Background/aims: In a hypoxic state, a glycolytic system is operating as a salvage pathway of generating ATP, and hexokinase II, the first enzyme in this system, might be over-expressed in hepatocellular carcinomas (HCCs). This study was to evaluate if hexokinase II is participating in HCC cell survival in a hypoxic state, and to analyze the mechanism of cell death caused by hexokinase II-specific inhibition.
Methods: Human hepatoma cell lines were grown either in a normoxic or hypoxic condition. Hexokinase II and hypoxia-inducible factor-1alpha (HIF-1alpha) expression were evaluated using immunoblot techniques. Cell growth was assessed using the MTS assay. Apoptotic signaling cascades were explored by immunoblot analysis.

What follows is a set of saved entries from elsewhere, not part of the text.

(* Let $V$ be a finite set, $C=(C_R)_{R\subseteq V}$ non-negative capacities and $D=(D_S)_{S\subseteq V}$ non-negative demands. Then \[ \mathrm{MaxHSP}(V,C,D)=\min_{\delta\in\Delta(V)}\frac{C\cdot\delta}{D\cdot\delta}, \] where $\Delta(V)$ is the set of all diversities on $V$. Moreover, the minimum is attained by a diversity $\delta$ supported on the hypergraph $H=(V,E)$ with $E=\{e\subseteq V: C_e>0\}$.
   Context: A diversity on $V$ is a function $\delta$ from subsets of $V$ to $\mathbb{R}$ with $\delta(A)\ge 0$, $\delta(A)=0$ whenever $|A|\le 1$ (values $0$ on larger sets are allowed), and $\delta(A\cup B)+\delta(B\cup C)\ge\delta(A\cup C)$ whenever $B\neq\emptyset$. Write $C\cdot\delta=\sum_{R\subseteq V}C_R\delta(R)$ and $D\cdot\delta=\sum_{S\subseteq V}D_S\delta(S)$; the quotient is considered for $\delta$ with $D\cdot\delta>0$. All subsets $R\subseteq V$ are regarded as hyperedges with capacity $C_R$. For $S\subseteq V$, $\mathcal{T}_S$ is the set of minimal connected sub-hypergraphs (sets $t$ of hyperedges, connected, whose union contains $S$, minimal with this property). $\mathrm{MaxHSP}(V,C,D)$ is the optimal value of the LP: maximize $f$ subject to $\sum_{S}\sum_{t\in\mathcal{T}_S:R\in t}z_{t,S}\le C_R$ for all $R\subseteq V$, $\sum_{t\in\mathcal{T}_S}z_{t,S}=f\cdot D_S$ for all $S\subseteq V$, $z_{t,S}\ge0$. Given a hypergraph $H=(V,E)$ and non-negative weights $w$ on $E$, the hypergraph Steiner diversity is $\delta(A)=\min\{\sum_{e\in E'}w(e):E'\subseteq E \text{ induces a connected sub-hypergraph containing } A\}$; a diversity is supported on $H$ if it is the hypergraph Steiner diversity of $H$ for some non-negative weights on $E$.
   Formalization: Attainment of the minimum by a diversity supported on $H=(V,E)$ is claimed only when some diversity is supported on H, that is, when H is connected and its hyperedges cover V. The statement above fails without it. *)

From HB Require Import structures.
From mathcomp Require Import all_boot all_order all_algebra.
From mathcomp Require Import reals.
Set Implicit Arguments. Unset Strict Implicit. Unset Printing Implicit Defensive.
Import Order.TTheory GRing.Theory Num.Theory.
Local Open Scope ring_scope.

Section HSP.
Variables (V : finType) (R : realType).

Definition diversity (delta : {set V} -> R) : Prop :=
  [/\ (forall A, 0 <= delta A),
      (forall A : {set V}, (#|A| <= 1)%N -> delta A = 0) &
      (forall A B C : {set V}, B != set0 ->
          delta (A :|: C) <= delta (A :|: B) + delta (B :|: C))].

Definition dotp (C delta : {set V} -> R) : R := \sum_(A : {set V}) C A * delta A.

Definition hadj (t : {set {set V}}) : rel {set V} :=
  fun e f => [&& e \in t, f \in t & ~~ [disjoint e & f]].

Definition hconnected (t : {set {set V}}) : bool :=
  [forall e1 in t, forall e2 in t, connect (hadj t) e1 e2].

(* t induces a connected sub-hypergraph containing S.  Convention: the empty
   set of hyperedges (the trivial sub-hypergraph on a single vertex) contains
   exactly the sets S with |S| <= 1. *)
Definition connects (t : {set {set V}}) (S : {set V}) : bool :=
  if t == set0 then (#|S| <= 1)%N
  else hconnected t && (S \subset \bigcup_(e in t) e).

Results: Hypoxia stimulated HCC cellular growth through HIF-1alpha-dependent induction of hexokinase II expression. The hexokinase II-specific inhibitor, 3-bromopyruvate, significantly suppressed cellular growth in a hypoxic state compared to cells in a normoxic condition. This suppression was due to the induction of apoptosis through activating mitochondrial apoptotic signaling cascades.
Conclusions: This study demonstrates that hypoxia stimulates HCC cellular growth through hexokinase II induction, and its inhibition induces apoptotic cell death. Therefore, hexokinase II induction may participate in HCC progression and the blockage of this enzyme may therapeutically be efficacious in human HCCs.